Chambers et al. (2004), using TMS, showed that the right angular gyrus is involved in reorienting attention during two discrete temporal periods: early (90–120 ms) and late (210–240 ms) after target onset. Since our IPS electrode 34 was located right over the sulcus, it might reflect responses originating in both banks of the IPS. If the origin of the response is on the ventral bank of IPS (i.e., the angular gyrus), then the early IPS onset that we measured might be functionally related to the early period of attention orientation in Chambers et al.’s study, since the measured ERP waveform at the IPS indeed onsets at 59 ms but unfolds between 60 and 100 ms approximately, commensurate with Chambers et al.’s early period.

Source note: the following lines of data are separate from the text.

Lemma sigma_orbit_topMap (n : nat) (b : Fin.t n -> V) :
  (forall k l, basis_pair (b k) (b l) = false) -> exists a, sigma_orbit n b (topMap n a).
Proof.
  intro Hpat; destruct (classic (exists m, b m <> V0)) as [[m Hm]|Hzero].
  - exists (fun k => fst (swap_e1 (b m) (b k))), (swap_e1 (b m)); split.
    + apply swap_e1_Sigma3, Hm.
    + intro k; unfold topMap; symmetry; apply swap_e1_incl; auto.
  - exists (fun _ => false), (fun v => v); split.
    + split; auto.
    + intro k; apply NNPP; intro Hk; apply Hzero; exists k; intro E; apply Hk; rewrite E; reflexivity.
Qed.

(** * The push-out property *)

Section QuotientLift.

Variables (X B Z : Type) (E : relation X) (r : B -> X) (p : X) (g : B -> Z) (z : Z).

Let Eq := clos_refl_sym_trans X E.

Hypothesis g_compat : forall b b', Eq (r b) (r b') -> g b = g b'.
Hypothesis g_base : forall b, Eq (r b) p -> g b = z.

(* Points outside the classes of r and p are sent to z as well; any value would do. *)
Definition quotient_lift (x : X) : Z :=
  match excluded_middle_informative (exists b, Eq x (r b)) with
  | left H => g (proj1_sig (constructive_indefinite_description _ H))
  | right _ => z
  end.

Lemma quotient_lift_r (x : X) (b : B) : Eq x (r b) -> quotient_lift x = g b.
Proof.
  intro H; unfold quotient_lift; destruct excluded_middle_informative as [e|e];
    [|exfalso; apply e; exists b; exact H].
  destruct (constructive_indefinite_description _ e) as [b' Hb']; cbn.
  apply g_compat; apply rst_trans with x; [apply rst_sym|]; assumption.
Qed.

Lemma quotient_lift_p (x : X) : Eq x p -> quotient_lift x = z.
Proof.
  intro H; unfold quotient_lift; destruct excluded_middle_informative as [e|e]; [|reflexivity].
  destruct (constructive_indefinite_description _ e) as [b' Hb']; cbn.
  apply g_base; apply rst_trans with x; [apply rst_sym|]; assumption.
Qed.

Lemma quotient_lift_compat (x y : X) : E x y -> quotient_lift x = quotient_lift y.
Proof.
  intro H; destruct (classic (exists b, Eq x (r b))) as [[b Hb]|Hn].
  - rewrite (quotient_lift_r x b Hb); symmetry; apply quotient_lift_r.
    apply rst_trans with x; [apply rst_sym, rst_step, H|exact Hb].
  - assert (Hn' : ~ exists b, Eq y (r b)).
    { intros [b Hb]; apply Hn; exists b; apply rst_trans with y; [apply rst_step, H|exact Hb]. }
    unfold quotient_lift; do 2 (destruct excluded_middle_informative; try contradiction); reflexivity.
Qed.

End QuotientLift.

Lemma connected_trace_sum (n : nat) (x y : Fin.t n -> Mat) (k l : Fin.t n) :
  clos_refl_sym_trans _ (path_conn n) x y ->
  (trace_sum (x k) (x l) <= -3 <-> trace_sum (y k) (y l) <= -3).
Proof.
  induction 1 as [x y H| | |]; [apply path_conn_trace_sum, H|tauto|tauto|tauto].
Qed.

Lemma rightMap_connected_pattern (n : nat) (b b' : Fin.t n -> V) :
  clos_refl_sym_trans _ (path_conn n) (rightMap n b) (rightMap n b') ->
  forall k l, basis_pair (b k) (b l) = basis_pair (b' k) (b' l).
Proof.
  intros H k l; pose proof (connected_trace_sum n _ _ k l H) as I.
  unfold rightMap in I; rewrite !trace_sum_embQ in I; apply Bool.eq_true_iff_eq, I.
Qed.

Lemma trivHom_connected_pattern (n : nat) (b : Fin.t n -> V) :
  clos_refl_sym_trans _ (path_conn n) (rightMap n b) (trivHom n) ->
  forall k l, basis_pair (b k) (b l) = false.
Proof.
  intros H k l; pose proof (connected_trace_sum n _ _ k l H) as I.
  unfold rightMap, trivHom in I; rewrite trace_sum_embQ, trace_sum_mid in I.
  destruct (basis_pair (b k) (b l)); [|reflexivity].
  exfalso; apply (Rle_not_lt (-3) 9); [apply I; reflexivity|lra].
Qed.

Section Descent.

Variables (n : nat) (Z : Type) (g : (Fin.t n -> V) -> Z) (z : Z).
Hypothesis g_orbit : forall b b', sigma_orbit n b b' -> g b = g b'.
Hypothesis g_topMap : forall a, g (topMap n a) = z.

Lemma descent_trivial_pattern (b : Fin.t n -> V) :
  (forall k l, basis_pair (b k) (b l) = false) -> g b = z.
Proof.
  intro Hpat; destruct (sigma_orbit_topMap n b Hpat) as [a Ha].
  rewrite (g_orbit _ _ Ha); apply g_topMap.
Qed.

Lemma descent_rightMap (b b' : Fin.t n -> V) :
  clos_refl_sym_trans _ (path_conn n) (rightMap n b) (rightMap n b') -> g b = g b'.
Proof.
  intro H; pose proof (rightMap_connected_pattern n b b' H) as Hpat.
  destruct (classic (exists k l, basis_pair (b k) (b l) = true)) as [[k [l Hkl]]|Hn].
  - apply g_orbit, (sigma_orbit_of_pattern n b b' k l Hkl Hpat).
  - assert (Hb : forall k l, basis_pair (b k) (b l) = false)
      by (intros k l; apply Bool.not_true_is_false; intro; apply Hn; eauto).
    rewrite !descent_trivial_pattern; auto.
    intros k l; rewrite <- Hpat; apply Hb.
Qed.

Lemma descent_trivHom (b : Fin.t n -> V) :
  clos_refl_sym_trans _ (path_conn n) (rightMap n b) (trivHom n) -> g b = z.
Proof. intro H; apply descent_trivial_pattern, (trivHom_connected_pattern n b H). Qed.

End Descent.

Neuroanatomical origin of the early parietal response

How does visual stimulation reach the early IPS source so early? One possibility is that the IPS response is driven by direct projections from sub-cortical structures, bypassing V1. These V1-bypassing pathways are widely discussed in the context of ‘blindsight’ - a neuropsychological condition in which, despite damage to primary visual cortex, some visual abilities are preserved (Weiskrantz et al., 1974; Barbur et al., 1993). The sub-cortical structures projecting directly to extra-striate cortex can be either the thalamic lateral geniculate nucleus (LGN), or pulvinar nucleus (PN), reviewed recently by (Zeki, 2016). The other possibility is that very early responses in V1 are relayed directly to the IPS via feed-forward connections. Because we based our calculations on stimulus-locked averages, and the stimulus onset time was non-predictable, it is not probable that top-down connections drive this response directly (although top-down connections might alter sustained excitability and hence encourage earlier onsets). Next, we discuss these putative sources.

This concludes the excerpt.